*** DATA SHOWN Section Begins ***
(* Let $T$, $S$, $A$ be closed Hermitian subspaces in $X^2$ with $D(T)=D(S)=:D\subset D(A)$ and $T=S+A$. Suppose that $T(0)^\perp$ reduces both $S$ and $A$. Then $$T_sx=S_sx+A_sx\quad\text{for all }x\in D,$$ and, setting $\hat S_s:=S\cap(T(0)^\perp)^2$ and $\hat A_s:=A\cap(T(0)^\perp)^2$, one has $$\hat S_s=S_s,\qquad \hat A_s\subset A_s,$$ and $\hat A_s$ is a closed Hermitian operator in $T(0)^\perp$ with $D\subset D(\hat A_s)$.
   Context: $X$ is a complex Hilbert space and $X^2=X\times X$ carries the inner product $\langle (x,f),(y,g)\rangle=\langle x,y\rangle+\langle f,g\rangle$. A subspace $T$ in $X^2$ means a linear subspace of $X^2$ (a linear relation); a linear operator in $X$ is identified with its graph. Notation: $D(T)=\{x:(x,f)\in T \text{ for some } f\}$, $T(x)=\{f:(x,f)\in T\}$. The adjoint is $T^*=\{(y,g)\in X^2:\langle g,x\rangle=\langle y,f\rangle \text{ for all }(x,f)\in T\}$; $T$ is Hermitian if $T\subset T^*$. For subspaces $S,A$ in $X^2$, $S+A=\{(x,f+g):(x,f)\in S,(x,g)\in A\}$. For a closed subspace $T$, set $T_\infty=\{(0,g)\in X^2:(0,g)\in T\}$ and $T_s=T\ominus T_\infty$ (orthogonal complement of $T_\infty$ in $T$), so $T=T_s\oplus T_\infty$; $T_s$ is the graph of a linear operator (the operator part of $T$) with $D(T_s)=D(T)$ and $R(T_s)\subset T(0)^\perp$. Reducing subspace: if $X_1$ is a closed subspace of $X$ and $P$ the orthogonal projection of $X$ onto $X_1$, then $X_1$ reduces the subspace $T$ if $\{(Px,Pf):(x,f)\in T\}\subset T$. *)

From Stdlib Require Import Reals.
Open Scope R_scope.
Set Implicit Arguments.

Definition C : Type := (R * R)%type.
Definition C0 : C := (0, 0).
Definition C1 : C := (1, 0).
Definition Cadd (a b : C) : C := (fst a + fst b, snd a + snd b).
Definition Cmul (a b : C) : C :=
  (fst a * fst b - snd a * snd b, fst a * snd b + snd a * fst b).
Definition Cconj (a : C) : C := (fst a, - snd a).

Record CHilbert := {
  hs :> Type;
  hadd : hs -> hs -> hs;
  hzero : hs;
  hopp : hs -> hs;
  hscal : C -> hs -> hs;
  hip : hs -> hs -> C;
  hadd_assoc : forall x y z, hadd x (hadd y z) = hadd (hadd x y) z;
  hadd_comm : forall x y, hadd x y = hadd y x;
  hadd_0 : forall x, hadd x hzero = x;
  hadd_opp : forall x, hadd x (hopp x) = hzero;
  hscal_assoc : forall a b x, hscal a (hscal b x) = hscal (Cmul a b) x;
  hscal_1 : forall x, hscal C1 x = x;
  hscal_distr_v : forall a x y, hscal a (hadd x y) = hadd (hscal a x) (hscal a y);
  hscal_distr_c : forall a b x, hscal (Cadd a b) x = hadd (hscal a x) (hscal b x);
  hip_add_l : forall x y z, hip (hadd x y) z = Cadd (hip x z) (hip y z);
  hip_scal_l : forall a x y, hip (hscal a x) y = Cmul a (hip x y);
  hip_conj : forall x y, hip y x = Cconj (hip x y);
  hip_pos : forall x, 0 <= fst (hip x x);
  hip_def : forall x, hip x x = C0 -> x = hzero;
  hcomplete : forall u : nat -> hs,
    (forall eps, 0 < eps -> exists N, forall m n, (N <= m)%nat -> (N <= n)%nat ->
       sqrt (fst (hip (hadd (u m) (hopp (u n))) (hadd (u m) (hopp (u n))))) < eps) ->
    exists l, forall eps, 0 < eps -> exists N, forall n, (N <= n)%nat ->
       sqrt (fst (hip (hadd (u n) (hopp l)) (hadd (u n) (hopp l)))) < eps
}.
*** DATA SHOWN Section Ends ***
PROBLEM: Whatever the number of entries above, each one is to be copied exactly.

YOUR SOLUTION:
(* Let $T$, $S$, $A$ be closed Hermitian subspaces in $X^2$ with $D(T)=D(S)=:D\subset D(A)$ and $T=S+A$. Suppose that $T(0)^\perp$ reduces both $S$ and $A$. Then $$T_sx=S_sx+A_sx\quad\text{for all }x\in D,$$ and, setting $\hat S_s:=S\cap(T(0)^\perp)^2$ and $\hat A_s:=A\cap(T(0)^\perp)^2$, one has $$\hat S_s=S_s,\qquad \hat A_s\subset A_s,$$ and $\hat A_s$ is a closed Hermitian operator in $T(0)^\perp$ with $D\subset D(\hat A_s)$.
   Context: $X$ is a complex Hilbert space and $X^2=X\times X$ carries the inner product $\langle (x,f),(y,g)\rangle=\langle x,y\rangle+\langle f,g\rangle$. A subspace $T$ in $X^2$ means a linear subspace of $X^2$ (a linear relation); a linear operator in $X$ is identified with its graph. Notation: $D(T)=\{x:(x,f)\in T \text{ for some } f\}$, $T(x)=\{f:(x,f)\in T\}$. The adjoint is $T^*=\{(y,g)\in X^2:\langle g,x\rangle=\langle y,f\rangle \text{ for all }(x,f)\in T\}$; $T$ is Hermitian if $T\subset T^*$. For subspaces $S,A$ in $X^2$, $S+A=\{(x,f+g):(x,f)\in S,(x,g)\in A\}$. For a closed subspace $T$, set $T_\infty=\{(0,g)\in X^2:(0,g)\in T\}$ and $T_s=T\ominus T_\infty$ (orthogonal complement of $T_\infty$ in $T$), so $T=T_s\oplus T_\infty$; $T_s$ is the graph of a linear operator (the operator part of $T$) with $D(T_s)=D(T)$ and $R(T_s)\subset T(0)^\perp$. Reducing subspace: if $X_1$ is a closed subspace of $X$ and $P$ the orthogonal projection of $X$ onto $X_1$, then $X_1$ reduces the subspace $T$ if $\{(Px,Pf):(x,f)\in T\}\subset T$. *)

From Stdlib Require Import Reals.
Open Scope R_scope.
Set Implicit Arguments.

Definition C : Type := (R * R)%type.
Definition C0 : C := (0, 0).
Definition C1 : C := (1, 0).
Definition Cadd (a b : C) : C := (fst a + fst b, snd a + snd b).
Definition Cmul (a b : C) : C :=
  (fst a * fst b - snd a * snd b, fst a * snd b + snd a * fst b).
Definition Cconj (a : C) : C := (fst a, - snd a).

Record CHilbert := {
  hs :> Type;
  hadd : hs -> hs -> hs;
  hzero : hs;
  hopp : hs -> hs;
  hscal : C -> hs -> hs;
  hip : hs -> hs -> C;
  hadd_assoc : forall x y z, hadd x (hadd y z) = hadd (hadd x y) z;
  hadd_comm : forall x y, hadd x y = hadd y x;
  hadd_0 : forall x, hadd x hzero = x;
  hadd_opp : forall x, hadd x (hopp x) = hzero;
  hscal_assoc : forall a b x, hscal a (hscal b x) = hscal (Cmul a b) x;
  hscal_1 : forall x, hscal C1 x = x;
  hscal_distr_v : forall a x y, hscal a (hadd x y) = hadd (hscal a x) (hscal a y);
  hscal_distr_c : forall a b x, hscal (Cadd a b) x = hadd (hscal a x) (hscal b x);
  hip_add_l : forall x y z, hip (hadd x y) z = Cadd (hip x z) (hip y z);
  hip_scal_l : forall a x y, hip (hscal a x) y = Cmul a (hip x y);
  hip_conj : forall x y, hip y x = Cconj (hip x y);
  hip_pos : forall x, 0 <= fst (hip x x);
  hip_def : forall x, hip x x = C0 -> x = hzero;
  hcomplete : forall u : nat -> hs,
    (forall eps, 0 < eps -> exists N, forall m n, (N <= m)%nat -> (N <= n)%nat ->
       sqrt (fst (hip (hadd (u m) (hopp (u n))) (hadd (u m) (hopp (u n))))) < eps) ->
    exists l, forall eps, 0 < eps -> exists N, forall n, (N <= n)%nat ->
       sqrt (fst (hip (hadd (u n) (hopp l)) (hadd (u n) (hopp l)))) < eps
}.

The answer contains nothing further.